Nike, Lennar (a homebuilder), Home Depot and Disney have all recently offered upbeat forward-looking commentary. While corporate earnings may be the last place a consumer slowdown may show up, it is still notable that most management teams seem pleasantly surprised by the durability of demand.

Investment takeaways

When uncertainty is high, simplify


The Fed is going to antagonize markets this year, and Wall Street is convinced the economy is going to slow. However, consumption and corporate confidence is still high. Investors are uncertain about whether the headwinds or tailwinds will prevail, and the recent volatility is indicative of the controversy.

Here are the simple descriptions of where we stand, and what we are doing about it.

The Fed: Expect an aggressive hiking cycle until inflation rolls over. The most likely outcome for the economy is a “soft-ish” landing, but risks have risen.

  • Investment implication: We are refocusing on core fixed income, especially now that a historic selloff in municipal bonds is providing an entry point.

Wall Street: It’s hard not to see a volatile, range-bound equity market in the near term, but some pockets could be set to outperform.

  • Investment implication: The megatrend of digital transformation is still gaining momentum, and valuations have corrected materially. We think technology stocks seem attractive.

Main Street: Housing and durable goods consumption are likely to cool, but services spending could be more resilient.

  • Investment implication: If growth does slow down, the consumer will likely be the cause.
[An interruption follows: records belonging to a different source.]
Lemma quot_lift_monoid : monoid_morphism quot_lift.
Proof.
split=> [|y1 y2]; first by rewrite -(rmorph1 pi) quot_liftE rmorph1.
by have [[r1 <-] [r2 <-]] := (pi_surj y1, pi_surj y2); rewrite -rmorphM !quot_liftE rmorphM.
Qed.

HB.instance Definition _ := GRing.isNmodMorphism.Build Rb B quot_lift quot_lift_nmod.
HB.instance Definition _ := GRing.isMonoidMorphism.Build Rb B quot_lift quot_lift_monoid.

End QuotLift.

Lemma univ_loc_preim (R Rb Q : nzRingType) (pi : {rmorphism R -> Rb}) (T : Rb -> Prop)
    (phi : {rmorphism Rb -> Q}) :
  (forall y, exists r, pi r = y) -> univ_loc T phi ->
  (forall (B : nzRingType) (g : {rmorphism R -> B}),
     inverts (fun r => T (pi r)) g -> forall r, pi r = 0 -> g r = 0) ->
  univ_loc (fun r => T (pi r)) (phi \o pi).
Proof.
move=> pi_surj [phiT univ] kill; split=> [r /phiT // | B g gT].
have gbT : inverts T (quot_lift pi_surj (kill B g gT)).
  by move=> y; have [r <-] := pi_surj y; rewrite quot_liftE; apply: gT.
have [h [hE hU]] := univ B _ gbT.
exists h; split=> [r | h' h'E x]; first by rewrite /= hE; apply: quot_liftE.
by apply: hU => y; have [r <-] := pi_surj y; rewrite h'E; symmetry; apply: quot_liftE.
Qed.

Section Quotient.
Variables (R : nzRingType) (st : side) (a : R -> Prop).
Variables (Rb : nzRingType) (pi : {rmorphism R -> Rb}).
Hypotheses (pi_surj : forall y, exists r, pi r = y) (pi_ker : forall r, pi r = 0 <-> a r).
Variable S : R -> Prop.
Hypothesis HS : loc_ass st a S.

Lemma loc_ass_Smax S' : loc_ass st a S' -> forall s, S' s -> Smax st (pi s).
Proof.
move=> [locS' ass_a] s S's; exists (image_set pi S'); split; last by exists s.
by apply: localizable_image_reg_ore => // r; rewrite ass_a pi_ker.
Qed.

Lemma inverts_Smax_preim_ass (B : nzRingType) (g : {rmorphism R -> B}) :
  inverts (fun r => Smax st (pi r)) g -> forall r, a r -> g r = 0.
Proof.
move=> gT r ar; have [_ ass_a] := HS; apply: (proj2 (ass_a r) ar) => s Ss.
exact/gT/(loc_ass_Smax HS).
Qed.

Lemma Smax_preim_univ (Qb : nzRingType) (phi : {rmorphism Rb -> Qb}) :
  frac_ring st (Smax st) phi -> univ_loc (fun r => Smax st (pi r)) (phi \o pi).
Proof.
move=> phiT; apply: univ_loc_preim pi_surj _ _.
  exact: frac_ring_univ_loc (reg_ore_Smax st Rb) phiT.
by move=> B g gT r /pi_ker; apply: inverts_Smax_preim_ass.
Qed.

Lemma loc_ass_Smax_preim : loc_ass st a (fun r => Smax st (pi r)).
Proof.
have HSm := reg_ore_Smax st Rb.
have [Qb [phi phiT]] := frac_ring_exists HSm.
have U := Smax_preim_univ phiT.
split; [split|].
- have [[S1 [S0 SM]] _] := HSm; split; [|split]; rewrite ?rmorph1 ?rmorph0 //.
  by move=> x y Sx Sy; rewrite rmorphM; apply: SM.
- apply: on_sideP => hst; exists Qb, (phi \o pi); split=> //.
    exact/left_fracs_comp/(frac_ring_left_fracs phiT hst).
  exact/right_fracs_comp/(frac_ring_right_fracs phiT hst HSm).
- move=> r; split=> [/(_ Qb _ (proj1 U)) /= | ar B g gT].
    by rewrite -(rmorph0 phi) => /(frac_ring_inj phiT (proj1 (proj2 HSm))) /pi_ker.
  exact: inverts_Smax_preim_ass gT r ar.
Qed.

Lemma Tmax_Smax_preim r : Tmax st a r <-> Smax st (pi r).
Proof.
split=> [[S' [HS' S'r]] | Sr]; first exact: loc_ass_Smax HS' r S'r.
by exists (fun r => Smax st (pi r)); split=> //; apply: loc_ass_Smax_preim.
Qed.

End Quotient.

Unset Implicit Arguments.

Theorem theorem2p8 (R : nzRingType) (st : side) (a : R -> Prop)
  (ha : in_ass_L st a)
  (Rb : nzRingType) (pi : {rmorphism R -> Rb})
  (pi_surj : forall y : Rb, exists r : R, pi r = y)
  (pi_ker : forall r : R, pi r = 0 <-> a r) :
  (* (1) T_{*,a}(R) = pi^{-1}(S_*(Rbar)) *)
  (forall r : R, Tmax st a r <-> Smax st (pi r)) /\
  (* Q_{*,a}(R) = R<T^{-1}> and Q_*(Rbar) exist *)
  (exists (A : nzRingType) (sigma : {rmorphism R -> A}), univ_loc (Tmax st a) sigma) /\
  (exists (Qb : nzRingType) (phi : {rmorphism Rb -> Qb}), frac_ring st (Smax st) phi) /\
  (forall (A : nzRingType) (sigma : {rmorphism R -> A}), univ_loc (Tmax st a) sigma ->
   forall (Qb : nzRingType) (phi : {rmorphism Rb -> Qb}), frac_ring st (Smax st) phi ->
     (* (2) R-isomorphism Q_{*,a}(R) ~ Q_*(Rbar) *)
     (exists h : {rmorphism A -> Qb}, bijective h /\ forall r, h (sigma r) = phi (pi r)) /\
     (* (3) T = sigma^{-1}(Q_{*,a}(R)^x) = sigma^{-1}(Q_*(Rbar)^x) *)
     (forall r, Tmax st a r <-> is_unit (sigma r)) /\
     (forall r, Tmax st a r <-> is_unit (phi (pi r)))).
Proof.
have [S HS] := ha.
have TmaxP := Tmax_Smax_preim pi_surj pi_ker HS.
have preim_univ := Smax_preim_univ pi_surj pi_ker HS.
have TmaxE : Tmax st a = (fun r => Smax st (pi r)).
  by apply/funext => r; apply/propext; apply: TmaxP.
have HSm := reg_ore_Smax st Rb.
have [Qb0 [phi0 phi0T]] := frac_ring_exists HSm.
split; first exact: TmaxP.
split; first by exists Qb0, (phi0 \o pi); rewrite TmaxE; apply: preim_univ.
split; first by exists Qb0, phi0.
move=> A sigma; rewrite TmaxE => sigmaU Qb phi phiT.
have [h [hbij hE]] := univ_loc_iso sigmaU (preim_univ _ _ phiT).
split; first by exists h.
split=> r; split.
- exact: (proj1 sigmaU).
- by move/(is_unit_rmorph h); rewrite hE; apply: (frac_ring_unit_Smax HSm phiT).
- exact: (proj1 phiT).
- exact: (frac_ring_unit_Smax HSm phiT).
Qed.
We are watching the housing market, services sector spending, and credit card utilization for signs of consumer stress.

The C-Suite: Higher-quality firms with secular drivers and strong management teams should outperform. 

  • Investment implication: We think high-quality businesses trading at a discount to the market could provide a haven while uncertainty prevails.

 

Above all, creating a plan and sticking with it are the best ways for investors to maintain control and confidence when the range of possible outcomes is wide.